Si ces engagements découlent parfois davantage d’une contrainte normative que d’une réelle conviction de l’entreprise qui l’impose à son partenaire, ils restent des engagements contractuels contraignants pour celui qui s’y oblige.
Le non-respect de ces engagements peut avoir des conséquences graves sur la continuité de la relation d’affaires.
La Cour d’appel de Paris le rappelle dans un arrêt récent du 24 mars 2021 [1] dans lequel elle est amenée à statuer sur des demandes indemnitaires d’un fournisseur, fondées sur la rupture brutale de la relation commerciale par son donneur d’ordre.
Dans cette affaire la relation entre les parties avait débuté en 2013 par une succession de contrats à durée déterminée auxquels était annexé un code éthique, imposant au fournisseur et à ses sous-traitants le respect de normes sociales nationales et internationales à l’égard de leurs salariés.
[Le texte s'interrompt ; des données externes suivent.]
(* Let $A=D[X,Y;\sigma,a]$ be a generalized Weyl algebra of rank $n$, where $D$ is a $K$-algebra, and let $\Delta=\{\mathrm{ad}_{X_1},\dots,\mathrm{ad}_{X_n}\}$ and $\Delta'=\{\mathrm{ad}_{Y_1},\dots,\mathrm{ad}_{Y_n}\}$. Then: (1) $A$ is a $\Delta$-locally nilpotent algebra if and only if the maps $\sigma_1-1,\dots,\sigma_n-1$ are locally nilpotent maps on $D$. (2) $A$ is a $\Delta'$-locally nilpotent algebra if and only if the maps $\sigma_1^{-1}-1,\dots,\sigma_n^{-1}-1$ are locally nilpotent maps on $D$.
   Context: Let $\sigma=(\sigma_1,\dots,\sigma_n)$ be commuting automorphisms of $D$ and $a=(a_1,\dots,a_n)$ elements of the centre of $D$ with $\sigma_i(a_j)=a_j$ for $i\ne j$. The generalized Weyl algebra $D[X,Y;\sigma,a]$ is the ring generated by $D$ and $X_1,\dots,X_n,Y_1,\dots,Y_n$ subject to $Y_iX_i=a_i$, $X_iY_i=\sigma_i(a_i)$, $X_id=\sigma_i(d)X_i$, $Y_id=\sigma_i^{-1}(d)Y_i$ ($d\in D$), and $[X_i,X_j]=[X_i,Y_j]=[Y_i,Y_j]=0$ for $i\ne j$. $\mathrm{ad}_x(f)=xf-fx$. For $i\ge1$, $\Delta^i=\{\delta_1\cdots\delta_i\mid\delta_j\in\Delta\}$; $A$ is $\Delta$-locally nilpotent if every $f\in A$ satisfies $\Delta^{i}f=0$ for some $i\ge1$. A map $g$ is locally nilpotent on $D$ if for every $d\in D$ there is $m$ with $g^m(d)=0$. *)

From HB Require Import structures.
From mathcomp Require Import all_boot all_order all_algebra.
Set Implicit Arguments. Unset Strict Implicit. Unset Printing Implicit Defensive.
Import GRing.Theory.
Local Open Scope ring_scope.

Definition is_alg_hom (K : fieldType) (A B : algType K) (f : A -> B) : Prop :=
  [/\ forall x y, f (x + y) = f x + f y,
      forall x y, f (x * y) = f x * f y,
      f 1 = 1 &
      forall (k : K) x, f (k *: x) = k *: f x].

Definition gwa_data (K : fieldType) (D : algType K) (n : nat)
  (sigma sigmainv : 'I_n -> D -> D) (a : 'I_n -> D) : Prop :=
  [/\ forall i, is_alg_hom (sigma i),
      forall i, cancel (sigma i) (sigmainv i) /\ cancel (sigmainv i) (sigma i),
      forall i j d, sigma i (sigma j d) = sigma j (sigma i d),
      forall i d, a i * d = d * a i &
      forall i j, i != j -> sigma i (a j) = a j].

Definition gwa_relations (K : fieldType) (D : algType K) (n : nat)
  (sigma sigmainv : 'I_n -> D -> D) (a : 'I_n -> D)
  (B : algType K) (phi : D -> B) (x y : 'I_n -> B) : Prop :=
  is_alg_hom phi /\
  [/\ forall i, y i * x i = phi (a i),
      forall i, x i * y i = phi (sigma i (a i)),
      forall i d, x i * phi d = phi (sigma i d) * x i,
      forall i d, y i * phi d = phi (sigmainv i d) * y i &
      forall i j, i != j ->
        [/\ x i * x j = x j * x i, x i * y j = y j * x i & y i * y j = y j * y i]].
Definition prefix_closed3 (C : list bool -> list bool -> list nat -> Prop) : Prop :=
  forall u v s m, C u v s -> C (firstn m u) (firstn m v) (firstn m s).

Definition proj_tree3 (C : list bool -> list bool -> list nat -> Prop) (a b : nat -> bool) : Prop :=
  exists d, forall n, C (restr a n) (restr b n) (restr d n).

Lemma tree_of_closed_prefix F : prefix_closed3 (tree_of_closed F).
Proof.
  intros u v s m [H1 [H2 [a [b [d [H3 [H4 [H5 H6]]]]]]]].
  split; [|split]; [rewrite !length_firstn; congruence .. |].
  exists a, b, d. split; auto. rewrite length_firstn.
  rewrite <- H4, <- H5, <- H6, !firstn_restr. rewrite length_restr in *. auto.
Qed.

Lemma tree_of_closed_proj F a b : closed_ccb_baire F ->
  (exists beta, exists g, F ((a, b, beta), g)) <-> proj_tree3 (tree_of_closed F) a b.
Proof.
  intro HF. split.
  - intros [beta [g Hg]]. exists (interleave beta g). intro n.
    unfold tree_of_closed. rewrite !length_restr. split; [|split]; auto.
    exists a, b, (interleave beta g). rewrite evens_interleave, odds_interleave. auto.
  - intros [d Hd]. exists (evens d), (odds d). apply HF. intro N.
    destruct (Hd (2*N+2)) as [_ [_ [a' [b' [d' [H1 [H2 [H3 H4]]]]]]]].
    rewrite length_restr in *. exists (a', b', evens d'), (odds d'). split; [|split]; auto.
    + intros i Hi. simpl. unfold evens.
      split; [|split]; symmetry; [apply (restr_agree _ _ _ i H2) | apply (restr_agree _ _ _ i H3)
                                 | apply (restr_agree _ _ _ (2*i) H4)]; lia.
    + intros i Hi. unfold odds. symmetry. apply (restr_agree _ _ _ _ H4). lia.
Qed.

Lemma sigma11_tree P : sigma11 P -> exists C, prefix_closed3 C /\
  forall a b, (exists beta, P (a, b, beta)) <-> proj_tree3 C a b.
Proof.
  intros [F [HF HP]]. exists (tree_of_closed F). split; [apply tree_of_closed_prefix|].
  intros a b. rewrite <- tree_of_closed_proj by auto.
  split; intros [beta Hb]; exists beta; apply HP; auto.
Qed.

Section Transfer.
Variables (X : MSpace) (e : X -> (nat -> bool)).
Hypothesis e_inj : forall x y, e x = e y -> x = y.
Hypothesis e_ran : meas Cantor (fun a => exists x, e x = a).
Hypothesis e_img : forall A, meas X A -> meas Cantor (fun a => exists x, A x /\ e x = a).

Definition image_ccb (B : X * X * (nat -> nat) -> Prop) (t : CCB) : Prop :=
  exists x y, e x = fst (fst t) /\ e y = snd (fst t) /\ B ((x, y), snd t).

Lemma delta11_range2 :
  delta11 (fun t : CCB => (exists x, e x = fst (fst t)) /\ (exists y, e y = snd (fst t))).
Proof.
  apply (sa_and _ delta11_sa).
  - apply (delta11_coord1 (fun a => exists x, e x = a)); auto.
  - apply (delta11_coord2 (fun a => exists x, e x = a)); auto.
Qed.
Un audit diligenté à l’initiative du donneur d’ordre en février 2018 auprès d’un sous-traitant a révélé de graves non-conformités au droit du travail.
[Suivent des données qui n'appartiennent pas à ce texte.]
Lemma is_RInt_0oo_dominated (f phi : R -> R) K M :
  (forall x, 0 < x -> continuous f x) -> (forall x, 0 < x -> continuous phi x) ->
  (forall x, 0 < x -> 0 <= f x <= K * phi x) -> 0 <= K ->
  (forall a b, 0 < a -> a <= b -> RInt phi a b <= M) ->
  exists l, is_RInt_0oo f l /\ (forall a b, 0 < a -> a <= b -> RInt f a b <= l).
Proof.
  intros Hf Hphi Hb HK HM.
  apply (is_RInt_0oo_of_bounded f Hf (fun x Hx => proj1 (Hb x Hx)) (K * M)).
  intros a b Ha Hab.
  assert (Hexp := ex_RInt_pos phi Hphi a b Ha Hab).
  apply Rle_trans with (RInt (fun x => K * phi x) a b).
  - apply RInt_le; [lra | apply ex_RInt_pos; auto | apply (ex_RInt_scal _ _ _ K Hexp) |].
    intros x Hx. apply Hb. lra.
  - replace (RInt (fun x => K * phi x) a b) with (K * RInt phi a b)
      by (symmetry; exact (RInt_scal phi a b K Hexp)).
    apply Rmult_le_compat_l; auto.
Qed.

Lemma is_RInt_0oo_derive (F df : R -> R) la lb :
  (forall x, 0 < x -> is_derive F x (df x)) -> (forall x, 0 < x -> continuous df x) ->
  filterlim F (at_right 0) (locally la) -> filterlim F (Rbar_locally p_infty) (locally lb) ->
  is_RInt_0oo df (lb - la).
Proof.
  intros Hd Hc Ha Hb.
  assert (E : forall x, 0 < x -> Derive F x = df x) by (intros; apply is_derive_unique; auto).
  assert (Hpos : forall (P : R -> Prop), (forall x, 0 < x -> P x) ->
     filter_prod (at_right 0) (Rbar_locally p_infty)
       (fun ab => forall x, Rmin (fst ab) (snd ab) <= x <= Rmax (fst ab) (snd ab) -> P x)).
  { intros P HP. apply (filter_imp (fun ab => 0 < fst ab < 1 /\ 1 < snd ab));
      [| apply filter_prod_box; lra].
    intros [a b] [[H1 H2] H3] x [Hx1 Hx2]. simpl in *. apply HP.
    rewrite Rmin_left in Hx1 by lra. lra. }
  apply (is_RInt_0oo_ext (Derive F)); [exact E |].
  apply is_RInt_gen_Derive; auto.
  - apply Hpos. intros x Hx. eexists; apply Hd; auto.
  - apply Hpos. intros x Hx. apply (continuous_ext_loc (Derive F) df x); [| apply Hc; auto].
    exists (mkposreal x Hx). intros y Hy.
    change (Rabs (y - x) < x) in Hy. apply Rabs_def2 in Hy.
    symmetry. apply E. lra.
Qed.

Lemma Rpower_pos x c : 0 < Rpower x c.
Proof. apply exp_pos. Qed.

Lemma Rpower_minus_1 x c : 0 < x -> Rpower x (c - 1) = Rpower x c / x.
Proof. intros Hx. unfold Rminus. rewrite Rpower_plus, Rpower_Ropp, Rpower_1 by auto. reflexivity. Qed.

Lemma Rpower_le_1 x c : 1 <= x -> c <= 0 -> Rpower x c <= 1.
Proof. intros Hx Hc. rewrite <- (Rpower_O x) by lra. apply Rle_Rpower; lra. Qed.

Lemma Rpower_le_base a b c : 0 < a -> a <= b -> 0 <= c -> Rpower a c <= Rpower b c.
Proof.
  intros Ha Hab Hc. destruct (Req_dec c 0) as [-> | Hc0]; [rewrite !Rpower_O by lra; lra |].
  destruct (Req_dec a b) as [-> | Hab']; [lra |]. left. apply Rlt_Rpower_l; lra.
Qed.

Lemma Rpower_div a b c : 0 < a -> 0 < b -> Rpower (a / b) c = Rpower a c / Rpower b c.
Proof.
  intros Ha Hb. unfold Rpower. rewrite ln_div by auto.
  unfold Rminus, Rdiv. rewrite Rmult_plus_distr_l, exp_plus, <- Ropp_mult_distr_r, exp_Ropp.
  reflexivity.
Qed.

Lemma continuous_of_ex_derive (f : R -> R) x : ex_derive f x -> continuous f x.
Proof. apply (@ex_derive_continuous R_AbsRing R_NormedModule). Qed.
En réaction, le donneur d’ordre a rompu sans préavis les relations commerciales avec son fournisseur le 9 mars 2018.
La Cour d’appel de Paris a qualifié les obligations contenues dans le code éthique comme étant « essentielles », de sorte que « la rupture des relations commerciales était prévisible pour [le fournisseur] qui, par ses manquements particulièrement graves au regard du contrat cadre liant les parties, a causé cette rupture qui est exempte de faute [du donneur d’ordre] ».
Cet arrêt n’est pas surprenant puisque la Cour de cassation avait déjà approuvé la Cour d’appel de Paris en 2019 face à une autre rupture sans préavis, en rapport avec un manquement à des engagements contractuels en matière de lutte contre la corruption et les conflits d’intérêts [2]. Le non-respect de ces engagements constituait un manquement suffisamment grave pour justifier la rupture de la relation commerciale sans préavis.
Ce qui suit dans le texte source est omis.